2. Pass the tomatoes through the finest plate of a food mill, pushing as much of the pulp through the sieve as possible, leaving the seeds behind.

3. Rub a rimmed 13″ X 18″ baking sheet with 2 tablespoons of olive oil; spread tomato puree evenly over sheet. Bake, using a spatula to turn the purée over on itself occasionally, until most of the water evaporates and the surface darkens, about 3 hours. Reduce heat to 250, cook until thick and brick colored, 20-25 minutes.

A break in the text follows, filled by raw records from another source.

(* Let $\mathcal G$ be a strongly connected directed graph with no self loops, vertex set $\mathcal V=\{1,\dots,n\}$ and edge set $\mathcal E=\{1,\dots,m\}$. Let $B=S-D\in\mathbb{R}^{n\times m}$ be its incidence matrix, let $Q=DB^\mathsf{T}$, and let $W=\mathbf{1}z^\mathsf{T}$ and $Q^\ddagger$ be as defined in the context. Let $\omega^{\mathrm u}\in\mathbb{R}^n$ be a constant vector. Consider the dynamics \[ \dot{\tilde\theta}(t)=\omega^{\mathrm u}+c(t),\qquad \tilde\beta(t)=B^\mathsf{T}\tilde\theta(t),\qquad y(t)=D\tilde\beta(t). \] Let $\mathcal T\subset\mathcal E$ be an outward directed spanning tree with root $r$. Let $g_1,\dots,g_{n-1}$ be an ordering of the edges of $\mathcal T$ consistent with the tree order, i.e. $g_a\prec g_b$ implies $a<b$. Let $k>0$ and $k_2>0$. Let $0<t_1<t_2<\dots<t_n$ satisfy $t_{j+1}-t_j>|\tilde\beta_{g_j}(t_j)|/k_2$ for $j=1,\dots,n-1$. For each $i\neq r$, let $j(i)$ denote the unique index with $\mathrm{dst}(g_{j(i)})=i$. Let the control be defined, for each node $i\in\mathcal V$, by \[ c_i(t)=\begin{cases} k\,y_i(t) & \text{if } t<t_1,\\ k\,y_i(t_1)+k_2\,\mathrm{sign}\big(\tilde\beta_{g_{j(i)}}(t)\big) & \text{if } i\neq r \text{ and } t_{j(i)}\le t<t_{j(i)+1},\\ k\,y_i(t_1) & \text{otherwise.}\end{cases} \] Assume that at time $t_1$ the system has converged, in the sense that \[ \tilde\beta(t_1)=-k^{-1}B^\mathsf{T}Q^\ddagger\omega^{\mathrm u} \qquad\text{and}\qquad \omega^{\mathrm u}+k\,y(t_1)=W\omega^{\mathrm u}. \] Then $\tilde\beta(t_n)=0$.
   Context: For an edge $e$, $\mathrm{src}(e)$ and $\mathrm{dst}(e)$ denote its source and destination vertices. The matrices $S,D\in\mathbb{R}^{n\times m}$ are defined by $S_{ie}=1$ if node $i$ is the source of edge $e$ and $0$ otherwise, and $D_{ie}=1$ if node $i$ is the destination of edge $e$ and $0$ otherwise. The vector $\mathbf{1}$ is the all-ones vector. The matrix $Q=DB^\mathsf{T}$ is an irreducible rate matrix (nonnegative off-diagonal entries, zero row sums). Let $z>0$ be its left eigenvector for eigenvalue $0$ ($z^\mathsf{T}Q=0$), normalized so that $\mathbf{1}^\mathsf{T}z=1$, and set $W=\mathbf{1}z^\mathsf{T}$. Write $Q=T\begin{bmatrix}0&0\\0&\Lambda\end{bmatrix}T^{-1}$, where $T$ is invertible with first column $\mathbf{1}$, the first row of $T^{-1}$ is $z^\mathsf{T}$, and $\Lambda\in\mathbb{R}^{(n-1)\times(n-1)}$ is invertible. Define $Q^\ddagger=T\begin{bmatrix}0&0\\0&\Lambda^{-1}\end{bmatrix}T^{-1}$. An outward directed spanning tree with root $r$ is a set $\mathcal T$ of $n-1$ edges such that every vertex is reachable from $r$ by a directed path in $\mathcal T$, and each vertex other than $r$ is the destination of exactly one edge of $\mathcal T$. For $f,g\in\mathcal T$, $f\prec g$ means there is a directed walk of nonzero length in $\mathcal T$ from $\mathrm{dst}(f)$ to $\mathrm{dst}(g)$. The convention $\mathrm{sign}(0)=0$ is used. Here $\tilde\theta(t)\in\mathbb{R}^n$ are normalized clock phases, $\tilde\beta(t)\in\mathbb{R}^m$ are buffer occupancies relative to the desired offsets, and $\omega(t)=\omega^{\mathrm u}+c(t)$ is the frequency. *)

From HB Require Import structures.
From mathcomp Require Import all_boot all_order all_algebra.
From mathcomp Require Import all_classical all_reals all_analysis.
Set Implicit Arguments. Unset Strict Implicit. Unset Printing Implicit Defensive.
Import Order.TTheory GRing.Theory Num.Theory numFieldNormedType.Exports.
Local Open Scope ring_scope.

Shadowcook: The tomatoes became scorched in spots for reasons that were not clear to me. I recommend keeping an eye on the tomatoes and turning the pan around in the oven once or twice over the 3 hours. Actually, I liked the flavor of the char in the paste at the end. I let it roast for only 2 1/2 hours before turning it down. The paste was very caramelized by that point. The aluminum foil I lined the pan with was not just useless but also a pain in the ass to remove afterward.

4. Store sealed in an airtight container in the refrigerator for up to one month, or freeze, wrapped well in plastic wrap, for up to 6 months.

Shadowcook: As you can see, I measured out 2 tablespoons on sheets of plastic wrap, folded them into packets and then put them all in one small ziplock plastic bag.